Claimant subsequently filed the instant action in district court, premising jurisdiction on 42 U.S.C. § 405(g). In response to the Secretary's motion to dismiss, the district court issued a detailed decision explaining that subject matter jurisdiction was ordinarily lacking in this context. Applying Califano v. Sanders, 430 U.S. 99, 107-09 (1977), and Matos v. Secretary of HEW, 581 F.2d 282, 284-87 (1st Cir.1978), the court observed that judicial review of a denial reached without a hearing was unavailable--whether such denial was based on administrative res judicata or involved a decision not to reopen. Accord, e.g., Colon v. Secretary of HHS, 877 F.2d 148, 152-53 (1st Cir.1989) (per curiam); Torres v. Secretary of HHS, 845 F.2d 1136, 1138 (1st Cir.1988) (per curiam) (citing cases); see also Rios v. Secretary of HEW, 614 F.2d 25, 26 (1st Cir.1980) (finding jurisdiction lacking to review denial on res judicata grounds and refusal to reopen, even where hearing had been held). As the district court noted, an exception to this jurisdictional bar exists in "rare instances" where a colorable constitutional claim has been presented. Sanders, 430 U.S. at 109; accord, e.g., Colon, 877 F.2d at 152. Yet claimant's only allegation to this effect was that invocation of res judicata violated due process where the first claim had been dismissed without a hearing--a contention the court properly deemed meritless. See, e.g., Rogerson v. Secretary of HHS, 872 F.2d 24, 29 (3d Cir.1989); see also Matos, 581 F.2d at 285-86.

Nonetheless, with a reference to Shrader v. Harris, 631 F.2d 297 (4th Cir.1980), the court went on to observe that a separate constitutional claim might be stated were claimant able to demonstrate that, because of mental incapacity, she had been unable to understand or pursue the appeal procedures in connection with her first, pro se application. Although no such argument had been advanced, the court sua sponte afforded claimant sixty days within which to attempt such a showing. In response, claimant advanced a trio of contentions. First, she argued that a combination of symptoms--fatigue, depression and a sense of powerlessness--had in fact prevented her from pursuing her rights in 1992. Principal support for this contention came from an MS counselor who had provided claimant with group therapy at the time. Second, claimant insisted that the January 1992 denial notice had been ambiguously worded, particularly by failing to clarify the necessity of filing an appeal as opposed to reapplying for benefits. Finally, claimant complained that many of her medical records had been (and to a large extent remained) unavailable--a problem exacerbated by the Secretary's failure to assist her in obtaining them. The district court, unpersuaded that these contentions amounted to a colorable due process violation, thereafter summarily allowed the motion to dismiss. This appeal ensued.

II.

Claimant now acknowledges that the jurisdictional question hinges on whether a colorable constitutional claim has been presented. She argues that the factors just cited--her emotional difficulties; the ambiguously worded notice of denial; and the incomplete medical record--set forth such a claim, at least in combination if not individually. We disagree.
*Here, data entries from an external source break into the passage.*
(* Let $K\ge2$. The capacity region of the $K$-receiver combination network with nested messages $M_{\overline{K}}$ (required by receivers $[1:K-1]$) and $M_{[1:K]}$ (required by all receivers) is the set of rate pairs $(R_{\overline{K}},R_{[1:K]})$ with $R_{[1:K]}\le C_{\mathsf{W}_K^{\mathsf{P}}}$ and $R_{[1:K]}+R_{\overline{K}}\le C_{\mathsf{W}_j^{\mathsf{P}}}$ for all $j\in[1:K-1]$.
   Context: The $K$-receiver combination network with capacities $C_S\ge0$, $S\in\mathsf{P}$ ($\mathsf{P}$ = nonempty subsets of $[1:K]$): deterministic broadcast channel with input $X=(V_S:S\in\mathsf{P})$, $|\mathcal{V}_S|=2^{C_S}$, and outputs $Y_i=(V_S:S\in\mathsf{W}_i^{\mathsf{P}})$ where $\mathsf{W}_i^{\mathsf{P}}=\{T\in\mathsf{P}:i\in T\}$. Messages independent, each required by the indicated receivers; achievability and capacity region as usual. $C_{\mathsf{W}}=\sum_{S\in\mathsf{W}}C_S$; $\overline{K}$ denotes $[1:K]\setminus\{K\}$. *)

From Stdlib Require Import Reals.
From mathcomp Require Import all_boot.

Set Implicit Arguments.
Unset Strict Implicit.
Unset Printing Implicit Defensive.

Local Open Scope R_scope.

(* Receivers are 'I_K (receiver k of the paper, k in [1:K], is the ordinal
   with value k-1).  Links are indexed by subsets S of 'I_K; the link
   V_S has alphabet of size a S = 2^{C_S} (for S nonempty).  The empty set
   is not a link of the network: we give it a trivial (size 1) alphabet
   so that it carries nothing. *)

Definition link_size (K : nat) (a : {set 'I_K} -> nat) (S : {set 'I_K}) : nat :=
  if S == set0 then 1%nat else a S.

Definition cap (K : nat) (a : {set 'I_K} -> nat) (S : {set 'I_K}) : R :=
  ln (INR (a S)) / ln 2.

Definition capW (K : nat) (a : {set 'I_K} -> nat) (i : 'I_K) : R :=
  \big[Rplus/0]_(T : {set 'I_K} | (T != set0) && (i \in T)) cap a T.

Definition chan_block (K : nat) (a : {set 'I_K} -> nat) (n : nat) : Type :=
  forall S : {set 'I_K}, 'I_n -> 'I_(link_size a S).

(* A decoding map at receiver i is a function of X^n that only depends on
   Y_i^n = (V_S^n : S in W_i^P). *)
Definition observes (K : nat) (a : {set 'I_K} -> nat) (n : nat) (i : 'I_K)
  (T : Type) (d : chan_block a n -> T) : Prop :=
  forall x y : chan_block a n,
    (forall (S : {set 'I_K}) (t : 'I_n), i \in S -> x S t = y S t) -> d x = d y.

Definition Rceil (x : R) : Z := (- Int_part (- x))%Z.

Definition msg_size (n : nat) (r : R) : nat :=
  Z.to_nat (Rceil (Rpower 2 (INR n * r))).

Definition is_last (K : nat) (i : 'I_K) : bool := (val i == K.-1)%nat.

(* Number of message pairs (w1, w2) in error for code (enc, d1, d2):
   w1 is message M_{Kbar} (required by receivers 1..K-1),
   w2 is message M_{[1:K]} (required by all receivers). *)
Definition n_errors (K : nat) (a : {set 'I_K} -> nat) (n m1 m2 : nat)
  (enc : 'I_m1 -> 'I_m2 -> chan_block a n)
  (d1 : 'I_K -> chan_block a n -> 'I_m1)
  (d2 : 'I_K -> chan_block a n -> 'I_m2) : nat :=
  #|[set w : 'I_m1 * 'I_m2 |
      [exists i : 'I_K,
         ((~~ is_last i) && (d1 i (enc w.1 w.2) != w.1))
         || (d2 i (enc w.1 w.2) != w.2)]]|.

Definition err_prob (K : nat) (a : {set 'I_K} -> nat) (n m1 m2 : nat)
  (enc : 'I_m1 -> 'I_m2 -> chan_block a n)
  (d1 : 'I_K -> chan_block a n -> 'I_m1)
  (d2 : 'I_K -> chan_block a n -> 'I_m2) : R :=
  INR (n_errors enc d1 d2) / INR (m1 * m2).

(* (R1, R2) = (R_{Kbar}, R_{[1:K]}) is achievable: there is a sequence of
   (2^{nR1}, 2^{nR2}, n) codes whose error probability tends to 0. *)
Definition achievable (K : nat) (a : {set 'I_K} -> nat) (R1 R2 : R) : Prop :=
  0 <= R1 /\ 0 <= R2 /\
  forall eps : R, 0 < eps ->
  exists N : nat, forall n : nat, (N <= n)%nat ->
  exists (enc : 'I_(msg_size n R1) -> 'I_(msg_size n R2) -> chan_block a n)
         (d1 : 'I_K -> chan_block a n -> 'I_(msg_size n R1))
         (d2 : 'I_K -> chan_block a n -> 'I_(msg_size n R2)),
    (forall i, observes i (d1 i)) /\ (forall i, observes i (d2 i)) /\
    err_prob enc d1 d2 <= eps.

Definition in_capacity_region (K : nat) (a : {set 'I_K} -> nat) (R1 R2 : R) : Prop :=
  forall delta : R, 0 < delta ->
  exists r1 r2 : R, achievable a r1 r2 /\ Rabs (r1 - R1) < delta /\ Rabs (r2 - R2) < delta.

From HB Require Import structures.
From Stdlib Require Import Reals Lra Classical ZArith.
From mathcomp Require Import all_boot.

Set Implicit Arguments.
Unset Strict Implicit.
Unset Printing Implicit Defensive.

(* Converse: receiver i observes one of 2^{n C_{W_i}} channel outputs.  A code
   with error probability at most 1/2 decodes at least half of the message
   pairs correctly; on those, the output of a receiver j < K determines the
   pair (M_Kbar, M_[1:K]), and the output of receiver K together with M_Kbar
   determines M_[1:K].  Hence 2^{n (R_Kbar + R_[1:K])} and 2^{n R_[1:K]} grow
   at most like 2^{n C_{W_j}} and 2^{n C_{W_K}}.

   Achievability: rate splitting and random binary coding.  M_Kbar is cut
   into a block index and an offset of rate mu; the links seen by receiver K
   carry random bits of (block index, M_[1:K]), all other links random bits
   of the full pair.  Receiver K then needs R_Kbar - mu + R_[1:K] < C_{W_K};
   receiver j < K needs R_Kbar + R_[1:K] < C_{W_j}, and mu below the capacity
   of the links it sees and receiver K does not.  Averaging the union bound on
   colliding codewords over all binary codes yields a good deterministic code,
   and mu = max(0, R_Kbar + R_[1:K] - C_{W_K}) meets every constraint because
   C_{W_j} is at most that hidden capacity plus C_{W_K}. *)

Lemma card_bool_ffun_agree (U : finType) (u v : U) : u != v ->
  (#|[set g : {ffun U -> bool} | g u == g v]| * 2 = 2 ^ #|U|)%N.
Proof.
move=> nuv.
pose flip (g : {ffun U -> bool}) := [ffun x => if x == v then ~~ g x else g x].
have flipK : involutive flip.
  by move=> g; apply/ffunP=> x; rewrite !ffunE; case: (x == v) => //=; rewrite negbK.
set A := [set g | _].
have flipA : flip @: A = ~: A.
  apply/setP=> g; rewrite in_setC; apply/imsetP/idP.
    case=> h; rewrite inE => /eqP Hh ->.
    by rewrite inE !ffunE eqxx (negbTE nuv) Hh; case: (h v).
  move=> Hg; exists (flip g); last by rewrite flipK.
  rewrite inE !ffunE eqxx (negbTE nuv).
  by move: Hg; rewrite inE; case: (g u); case: (g v).
have := cardsC A; rewrite -flipA card_imset; last exact: (can_inj flipK).
by rewrite card_ffun card_bool => <-; rewrite muln2 -addnn.
Qed.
The Shrader case involved an extreme set of facts: e.g., psychiatric and other medical reports describing claimant (a Vietnam War shell-shock victim) as living a "vegetative like existence," as becoming "schizoid" and "paranoid," and as "regress[ing] to a psychotic level." 631 F.2d at 299. While such dire circumstances are not invariably a prerequisite to invoking the Shrader exception, the depression and sense of powerlessness cited by claimant here are, quite obviously, of a lower order of magnitude.